--- MATERIAL FOR THE TASK Enclosed Below ---

(* There is a function $C_3(t,\epsilon)$ such that the following holds for every positive integer $t$ and every $\epsilon\in(0,1)$: let $G$ be a bipartite graph with $\delta(G)\geq C_3(t,\epsilon)$ which is induced $S_{t,t}$-free. Then for every path $x_1x_2x_3x_4$ of length $3$ in $G$ we have $|S_{N(x_1)}^{N(x_4)}(\epsilon)|\leq C_3(t,\epsilon)$.
   Context: For positive integers $a,b$, the biclaw $S_{a,b}$ is the graph with vertex set $\{x,x_1,\dots,x_a,y,y_1,\dots,y_b\}$ and edges $xy$, $xy_1,\dots,xy_b$, $yx_1,\dots,yx_a$. Induced $S_{t,t}$-free means no induced subgraph isomorphic to $S_{t,t}$. $N(v)$ is the neighbourhood of $v$, $\delta(G)$ the minimum degree. For vertex sets $X,Y$ and $\epsilon\in(0,1)$, $S_X^Y(\epsilon)=\{x\in X : |N(x)\cap Y|\leq (1-\epsilon)|Y|\}$. *)

From HB Require Import structures.
From mathcomp Require Import all_boot all_order all_algebra.
From mathcomp Require Export reals.
Set Implicit Arguments. Unset Strict Implicit. Unset Printing Implicit Defensive.
Import Order.TTheory GRing.Theory Num.Theory.
Local Open Scope ring_scope.

Definition simple_graph (T : finType) (e : rel T) : Prop :=
  symmetric e /\ irreflexive e.

Definition bipartite (T : finType) (e : rel T) : Prop :=
  exists c : T -> bool, forall x y, e x y -> c x != c y.

Definition nbhd (T : finType) (e : rel T) (v : T) : {set T} := [set u | e v u].

Definition min_deg_ge (R : realType) (T : finType) (e : rel T) (d : R) : Prop :=
  forall v : T, d <= (#|nbhd e v|)%:R.

(* Vertices of the biclaw S_{a,b}:
   inl None = x, inl (Some i) = x_i, inr None = y, inr (Some j) = y_j. *)
Definition biclaw_vertex (a b : nat) : finType := (option 'I_a + option 'I_b)%type.

Definition biclaw_adj (a b : nat) (u v : biclaw_vertex a b) : bool :=
  match u, v with
  | inl None, inr _ | inr _, inl None => true
  | inr None, inl _ | inl _, inr None => true
  | _, _ => false
  end.

Definition has_induced_biclaw (T : finType) (e : rel T) (a b : nat) : Prop :=
  exists f : biclaw_vertex a b -> T,
    injective f /\ forall u v, e (f u) (f v) = biclaw_adj u v.

Definition induced_biclaw_free (T : finType) (e : rel T) (t : nat) : Prop :=
  ~ has_induced_biclaw e t t.

Definition S_set (R : realType) (T : finType) (e : rel T) (X Y : {set T}) (eps : R)
  : {set T} :=
  [set x in X | (#|nbhd e x :&: Y|)%:R <= (1 - eps) * (#|Y|)%:R].

Definition path3 (T : finType) (e : rel T) (x1 x2 x3 x4 : T) : Prop :=
  uniq [:: x1; x2; x3; x4] /\ e x1 x2 /\ e x2 x3 /\ e x3 x4.

From HB Require Import structures.
From mathcomp Require Import all_boot all_order all_algebra reals zify lra.
Import Order.TTheory GRing.Theory Num.Theory.
Set Implicit Arguments. Unset Strict Implicit. Unset Printing Implicit Defensive.

(* Put k = floor(1/eps) + 1, so that every vertex of S = S_{N(x1)}^{N(x4)}(eps) misses
   at least |N(x4)|/k vertices of N(x4).  The engine is a counting lemma: if uv is an
   edge, B is a large subset of N(u) and kt vertices of N(v) each miss a 1/k fraction
   of B, then averaging and pigeonholing their non-neighbourhoods yields t of them with
   t common non-neighbours in B, and together with uv these span an induced S_{t,t}.
   Hence few neighbours of v are far from B.  Along the path this gives z in N(x2)
   adjacent to more than half of S and of N(x3), then w in N(x3) /\ N(z) adjacent to
   all but a 1/(2k) fraction of N(x4); the lemma for the edge wz bounds |S /\ N(z)|,
   and thereby |S|. *)

Definition far (T : finType) (e : rel T) (k : nat) (Y : {set T}) (x : T) : bool :=
  #|Y| <= k * #|Y :\: nbhd e x|.

(* Beyond this size, more than 2^(kt) (t-1) vertices of B are related to at least t
   elements of A, so t of them are related to the same elements. *)
Definition dense_bound (t k : nat) : nat := k * t * 2 ^ (k * t) * t.-1.

Section Counting.
Variable T : finType.
Implicit Types (A B X : {set T}) (r : rel T).

Lemma card_geq_subset A n : n <= #|A| -> exists2 A1 : {set T}, A1 \subset A & #|A1| = n.
Proof.
case/card_geqP => s [uniq_s size_s sA]; exists [set x in s].
  by apply/subsetP => x; rewrite inE; apply: sA.
by rewrite cardsE -size_s; apply/card_uniqP.
Qed.

Lemma exists_notin A B : #|B| < #|A| -> exists2 x, x \in A & x \notin B.
Proof.
move=> ltBA; have /subsetPn [x xA xB] : ~~ (A \subset B).
  by apply: contraTN ltBA => /subset_leq_card; rewrite -leqNgt.
by exists x.
Qed.

Lemma card_set_sum A (P : pred T) : #|[set x in A | P x]| = \sum_(x in A) P x.
Proof. by rewrite -sum1dep_card big_mkcondr /=; apply: eq_bigr => x _; case: (P x). Qed.

Lemma sum_card_rel r A B :
  \sum_(a in A) #|[set b in B | r a b]| = \sum_(b in B) #|[set a in A | r a b]|.
Proof.
under eq_bigr do rewrite card_set_sum.
under [RHS]eq_bigr do rewrite card_set_sum.
exact: exchange_big.
Qed.

Lemma pigeonhole_fibre (U : finType) (f : T -> U) X (Y : {set U}) n :
  {in X, forall x, f x \in Y} -> #|Y| * n < #|X| ->
  exists2 y, y \in Y & n < #|[set x in X | f x == y]|.
Proof.
move=> fXY ltYX.
have [/exists_inP //|] := boolP [exists y in Y, n < #|[set x in X | f x == y]|].
rewrite negb_exists_in => /forall_inP small.
suff: #|X| <= #|Y| * n by rewrite leqNgt ltYX.
rewrite -sum1_card (partition_big f (mem Y)) //= -sum_nat_const.
by apply: leq_sum => y yY; rewrite sum1dep_card leqNgt small.
Qed.

Lemma dense_rel_complete_pair r t k A B :
  0 < t -> 0 < k -> #|A| = k * t -> dense_bound t k < #|B| ->
  {in A, forall a, #|B| <= k * #|[set b in B | r a b]|} ->
  exists P F : {set T},
    [/\ P \subset A, F \subset B, t <= #|P|, t <= #|F| & {in P & F, forall a b, r a b}].
Proof.
move=> t_gt0 k_gt0 cardA bigB denseA.
pose p b := [set a in A | r a b].
have pA b : p b \subset A by rewrite /p setIdE subsetIl.
pose H := [set b in B | t <= #|p b|].
have sum_ge : t * #|B| <= \sum_(b in B) #|p b|.
  rewrite -sum_card_rel -(leq_pmul2l k_gt0) mulnA -cardA -sum_nat_const big_distrr /=.
  exact: leq_sum.
have sum_le : \sum_(b in B) #|p b| <= k * t * #|H| + #|B| * t.-1.
  rewrite card_set_sum big_distrr /= -sum_nat_const -big_split /=.
  apply: leq_sum => b _; case: (leqP t #|p b|) => [_|lt_pb]; rewrite ?muln1 ?muln0.
    by rewrite -cardA (leq_trans (subset_leq_card (pA b))) ?leq_addr.
  by rewrite -ltnS prednK.
have BH : #|B| <= k * t * #|H|.
  move: sum_ge; rewrite -{1}(prednK t_gt0) mulSn; lia.
have [P] : exists2 P, P \in powerset A & t.-1 < #|[set b in H | p b == P]|.
  apply: pigeonhole_fibre => [b _|]; first by rewrite powersetE.
  have kt_gt0 : 0 < k * t by rewrite muln_gt0 k_gt0.
  rewrite card_powerset cardA -(ltn_pmul2l kt_gt0) mulnA; exact: leq_trans bigB BH.
rewrite powersetE => sPA tF.
have /card_gt0P [b0] : 0 < #|[set b in H | p b == P]| by apply: leq_ltn_trans tF.
rewrite !inE => /andP [/andP [_ tb0] /eqP pb0].
exists P, [set b in H | p b == P]; split => //.
- by apply/subsetP => b; rewrite !inE => /andP [/andP [->]].
- by rewrite -pb0.
- by rewrite -(prednK t_gt0).
- move=> a b aP; rewrite !inE => /andP [_ /eqP pbP].
  by move: aP; rewrite -pbP inE => /andP [].
Qed.

End Counting.

Section FarVertices.
Variables (T : finType) (e : rel T).

Lemma not_far2_card_setI Y x : ~~ far e 2 Y x -> #|Y| < 2 * #|Y :&: nbhd e x|.
Proof. by rewrite /far -ltnNge; have := cardsID (nbhd e x) Y; lia. Qed.

Lemma far_setI k Y Z x :
  far e k Y x -> 2 * k * #|Y :\: Z| < #|Y| -> far e (2 * k) (Y :&: Z) x.
Proof.
rewrite /far => farY smallYZ.
have cover : #|Y :\: nbhd e x| <= #|(Y :&: Z) :\: nbhd e x| + #|Y :\: Z|.
  apply: leq_trans (leq_card_setU _ _).1; apply: subset_leq_card.
  by apply/subsetP => y; rewrite !inE; case: (y \in Z); case: (y \in Y); case: (e x y).
have := leq_mul (leqnn k) cover; rewrite mulnDr.
have : #|Y :&: Z| <= #|Y| by rewrite subset_leq_card ?subsetIl.
lia.
Qed.

End FarVertices.

Definition path_bound (t k : nat) : nat :=
  dense_bound t 2 + 2 * dense_bound t (2 * k) + 4 * k * t.

Section BipartiteGraph.
Variables (T : finType) (e : rel T) (c : T -> bool).
Hypothesis e_sym : symmetric e.
Hypothesis c_proper : forall x y, e x y -> c x != c y.

Lemma colour_nbr x y : e x y -> c y = ~~ c x.
Proof. by move/c_proper; case: (c x); case: (c y). Qed.

Lemma same_colour_nonadj x y : c x = c y -> e x y = false.
Proof. by move=> cxy; apply/negbTE/negP => /c_proper; rewrite cxy eqxx. Qed.

Lemma induced_biclaw_of_edge a b u v (P F : {set T}) :
  0 < a -> 0 < b -> e u v -> P \subset nbhd e v -> F \subset nbhd e u ->
  {in P & F, forall x y, ~~ e x y} -> a <= #|P| -> b <= #|F| ->
  has_induced_biclaw e a b.
Proof.
move=> a_gt0 b_gt0 euv /subsetP PNv /subsetP FNu PF aP bF.
pose gP (i : 'I_a) := enum_val (widen_ord aP i).
pose gF (j : 'I_b) := enum_val (widen_ord bF j).
have gP_in i : gP i \in P := enum_valP _.
have gF_in j : gF j \in F := enum_valP _.
have gP_inj : injective gP by move=> i i' /enum_val_inj [] /val_inj.
have gF_inj : injective gF by move=> j j' /enum_val_inj [] /val_inj.
have nbhdE x y : (y \in nbhd e x) = e x y by rewrite inE.
have evP i : e v (gP i) by rewrite -nbhdE PNv.
have ePv i : e (gP i) v by rewrite e_sym evP.
have euF j : e u (gF j) by rewrite -nbhdE FNu.
have ePF i j : e (gP i) (gF j) = false by apply/negbTE/PF.
have cP i : c (gP i) = c u by rewrite (colour_nbr (evP i)) (colour_nbr euv) negbK.
have cF j : c (gF j) = c v by rewrite (colour_nbr (euF j)) (colour_nbr euv).
have cuv : c u != c v := c_proper euv.
have uP : u \notin P.
  have /card_gt0P [y yF] := leq_trans b_gt0 bF.
  by apply/negP => uP; move: (PF _ _ uP yF); rewrite -nbhdE FNu.
have vF : v \notin F.
  have /card_gt0P [x xP] := leq_trans a_gt0 aP.
  by apply/negP => vF; move: (PF _ _ xP vF); rewrite e_sym -nbhdE PNv.
pose f (p : biclaw_vertex a b) : T :=
  match p with
  | inl None => u | inl (Some i) => gP i
  | inr None => v | inr (Some j) => gF j
  end.
have f_inj : injective f.
  move=> [[i|]|[j|]] [[i'|]|[j'|]] //= eq_f; first
    [ by rewrite (gP_inj _ _ eq_f) | by rewrite (gF_inj _ _ eq_f)
    | by move: uP; rewrite -eq_f gP_in | by move: uP; rewrite eq_f gP_in
    | by move: vF; rewrite -eq_f gF_in | by move: vF; rewrite eq_f gF_in
    | by move/(congr1 c)/eqP: eq_f;
         rewrite ?cP ?cF ?(negbTE cuv) // eq_sym (negbTE cuv) ].
exists f; split=> // [[[i|]|[j|]] [[i'|]|[j'|]]] /=; first
  [ by apply: same_colour_nonadj; rewrite ?cP ?cF
  | by rewrite ?euv ?euF ?ePv ?ePF
  | by rewrite e_sym ?euv ?euF ?ePv ?ePF ].
Qed.

Section BiclawFree.
Variable t : nat.
Hypothesis t_gt0 : 0 < t.
Hypothesis biclaw_free : ~ has_induced_biclaw e t t.

Lemma card_far_nbrs_lt k u v (A B : {set T}) :
  0 < k -> e u v -> B \subset nbhd e u -> A \subset nbhd e v ->
  dense_bound t k < #|B| -> {in A, forall a, far e k B a} -> #|A| < k * t.
Proof.
move=> k_gt0 euv BNu ANv bigB farA; rewrite ltnNge; apply/negP.
case/card_geq_subset => A1 sA1A cardA1.
have denseA1 : {in A1, forall a, #|B| <= k * #|[set b in B | ~~ e a b]|}.
  move=> a /(subsetP sA1A) /farA; rewrite /far.
  suff -> : [set b in B | ~~ e a b] = B :\: nbhd e a by [].
  by apply/setP => b; rewrite !inE andbC.
have [P [F [sPA1 sFB tP tF PF]]] := dense_rel_complete_pair t_gt0 k_gt0 cardA1 bigB denseA1.
apply: biclaw_free; apply: (induced_biclaw_of_edge t_gt0 t_gt0 euv _ _ PF tP tF).
  exact: subset_trans sPA1 (subset_trans sA1A ANv).
exact: subset_trans sFB BNu.
Qed.

Lemma exists_not_far k u v (A B : {set T}) :
  0 < k -> e u v -> B \subset nbhd e u -> A \subset nbhd e v ->
  dense_bound t k < #|B| -> k * t <= #|A| -> exists2 x, x \in A & ~~ far e k B x.
Proof.
move=> k_gt0 euv BNu ANv bigB ktA.
have [|x xA] := exists_notin (A := A) (B := [set x in A | far e k B x]).
  apply: leq_trans ktA; apply: card_far_nbrs_lt euv BNu _ bigB _ => //.
    by apply: subset_trans ANv; rewrite setIdE subsetIl.
  by move=> x; rewrite inE => /andP [].
by rewrite inE xA => farx; exists x.
Qed.

Lemma exists_nbr_not_far2 v u1 u2 (B1 B2 : {set T}) :
  e u1 v -> e u2 v -> B1 \subset nbhd e u1 -> B2 \subset nbhd e u2 ->
  dense_bound t 2 < #|B1| -> dense_bound t 2 < #|B2| -> 4 * t <= #|nbhd e v| ->
  exists2 z, e v z & ~~ far e 2 B1 z && ~~ far e 2 B2 z.
Proof.
move=> e1 e2 B1N B2N big1 big2 deg.
have few u (B : {set T}) : e u v -> B \subset nbhd e u -> dense_bound t 2 < #|B| ->
    #|[set z in nbhd e v | far e 2 B z]| < 2 * t.
  move=> euv BNu bigB; apply: card_far_nbrs_lt euv BNu _ bigB _ => //.
    by rewrite setIdE subsetIl.
  by move=> z; rewrite inE => /andP [].
have [|z] := exists_notin (A := nbhd e v)
  (B := [set z in nbhd e v | far e 2 B1 z] :|: [set z in nbhd e v | far e 2 B2 z]).
  by rewrite cardsU; have := few _ _ e1 B1N big1; have := few _ _ e2 B2N big2; lia.
by rewrite !inE => evz; rewrite evz negb_or; exists z.
Qed.

Lemma card_far_nbrs_path_le k x1 x2 x3 x4 :
  0 < k -> (forall v, path_bound t k <= #|nbhd e v|) ->
  e x1 x2 -> e x2 x3 -> e x3 x4 ->
  #|[set x in nbhd e x1 | far e k (nbhd e x4) x]| <= path_bound t k.
Proof.
move=> k_gt0 deg e12 e23 e34.
set Y := nbhd e x4; set S := [set x in _ | _].
have kt_gt0 : 0 < k * t by rewrite muln_gt0 k_gt0.
have k2_gt0 : 0 < 2 * k by rewrite muln_gt0.
have degY := deg x4; have deg3 := deg x3; rewrite -/Y /path_bound in degY deg3.
have [smallS|bigS] := leqP #|S| (dense_bound t 2); first by rewrite /path_bound; lia.
have [z e2z /andP [nfarS nfar3]] :
    exists2 z, e x2 z & ~~ far e 2 S z && ~~ far e 2 (nbhd e x3) z.
  apply: exists_nbr_not_far2 e12 _ _ (subxx _) bigS _ _.
  - by rewrite e_sym.
  - by rewrite /S setIdE subsetIl.
  - by lia.
  - by have := deg x2; have := leq_pmull t k_gt0; rewrite /path_bound; lia.
have [w] : exists2 w, w \in nbhd e x3 :&: nbhd e z & ~~ far e (2 * k) Y w.
  apply: (exists_not_far (u := x4)) k2_gt0 _ (subxx _) (subsetIl _ _) _ _.
  - by rewrite e_sym.
  - by rewrite -/Y; lia.
  - by have := not_far2_card_setI nfar3; rewrite setIC; lia.
rewrite !inE => /andP [_ zw]; rewrite /far -ltnNge => nfarY.
have farSz : {in S :&: nbhd e z, forall a, far e (2 * k) (Y :&: nbhd e w) a}.
  by move=> a; rewrite !inE => /andP [/andP [_ farYa] _]; apply: far_setI farYa nfarY.
have ewz : e w z by rewrite e_sym.
have bigB : dense_bound t (2 * k) < #|Y :&: nbhd e w|.
  by have := cardsID (nbhd e w) Y; have := leq_pmull #|Y :\: nbhd e w| k_gt0; lia.
have := card_far_nbrs_lt k2_gt0 ewz (subsetIr _ _) (subsetIr _ _) bigB farSz.
by have := not_far2_card_setI nfarS; rewrite /path_bound; lia.
Qed.

End BiclawFree.

End BipartiteGraph.

Local Open Scope ring_scope.

Lemma S_set_subset_far (R : realType) (T : finType) (e : rel T) (X Y : {set T})
    (eps : R) k :
  1 <= k%:R * eps -> S_set e X Y eps \subset [set x in X | far e k Y x].
Proof.
move=> k_eps; apply/subsetP => x; rewrite !inE => /andP [-> /=].
rewrite /far -(ler_nat R) natrM -(cardsID (nbhd e x) Y) natrD setIC.
set a := #|_ :&: _|; set b := #|_ :\: _|.
by have := ler0n R a; have := ler0n R b; have := ler0n R k; nra.
Qed.

Lemma truncnS_inv_mul_ge1 (R : realType) (eps : R) :
  0 < eps -> 1 <= (Num.truncn eps^-1).+1%:R * eps.
Proof.
move=> eps_gt0; have := truncnS_gt eps^-1.
by rewrite -(ltr_pM2r eps_gt0) mulVf ?lt0r_neq0 // => /ltW.
Qed.

Theorem mainTheorem6 (R : realType) :
  exists C3 : nat -> R -> R,
    forall (t : nat) (eps : R), (0 < t)%N -> 0 < eps < 1 ->
    forall (T : finType) (e : rel T),
      simple_graph e -> bipartite e ->
      min_deg_ge e (C3 t eps) -> induced_biclaw_free e t ->
      forall x1 x2 x3 x4 : T, path3 e x1 x2 x3 x4 ->
        (#|S_set e (nbhd e x1) (nbhd e x4) eps|)%:R <= C3 t eps.
Proof.
exists (fun t eps => (path_bound t (Num.truncn eps^-1).+1)%:R).
move=> t eps t_gt0 /andP [eps_gt0 _] T e [e_sym _] [c c_proper] deg biclaw_free.
(* The colouring already makes [e] irreflexive, and the path need not be simple. *)
move=> x1 x2 x3 x4 [_ [e12 [e23 e34]]].
rewrite ler_nat.
apply: leq_trans
  (card_far_nbrs_path_le e_sym c_proper t_gt0 biclaw_free _ _ e12 e23 e34) => //.
- exact/subset_leq_card/S_set_subset_far/truncnS_inv_mul_ge1.
- by move=> v; rewrite -(ler_nat R); apply: deg.
Qed.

--- End of Enclosed MATERIAL FOR THE TASK ---

### TO DO
From the records above, give again exactly the lines running from the line with "[set x in X | (#|nbhd" to the line with "of B, then averaging", inclusive.

### SOLUTION
  [set x in X | (#|nbhd e x :&: Y|)%:R <= (1 - eps) * (#|Y|)%:R].

Definition path3 (T : finType) (e : rel T) (x1 x2 x3 x4 : T) : Prop :=
  uniq [:: x1; x2; x3; x4] /\ e x1 x2 /\ e x2 x3 /\ e x3 x4.

From HB Require Import structures.
From mathcomp Require Import all_boot all_order all_algebra reals zify lra.
Import Order.TTheory GRing.Theory Num.Theory.
Set Implicit Arguments. Unset Strict Implicit. Unset Printing Implicit Defensive.

(* Put k = floor(1/eps) + 1, so that every vertex of S = S_{N(x1)}^{N(x4)}(eps) misses
   at least |N(x4)|/k vertices of N(x4).  The engine is a counting lemma: if uv is an
   edge, B is a large subset of N(u) and kt vertices of N(v) each miss a 1/k fraction
   of B, then averaging and pigeonholing their non-neighbourhoods yields t of them with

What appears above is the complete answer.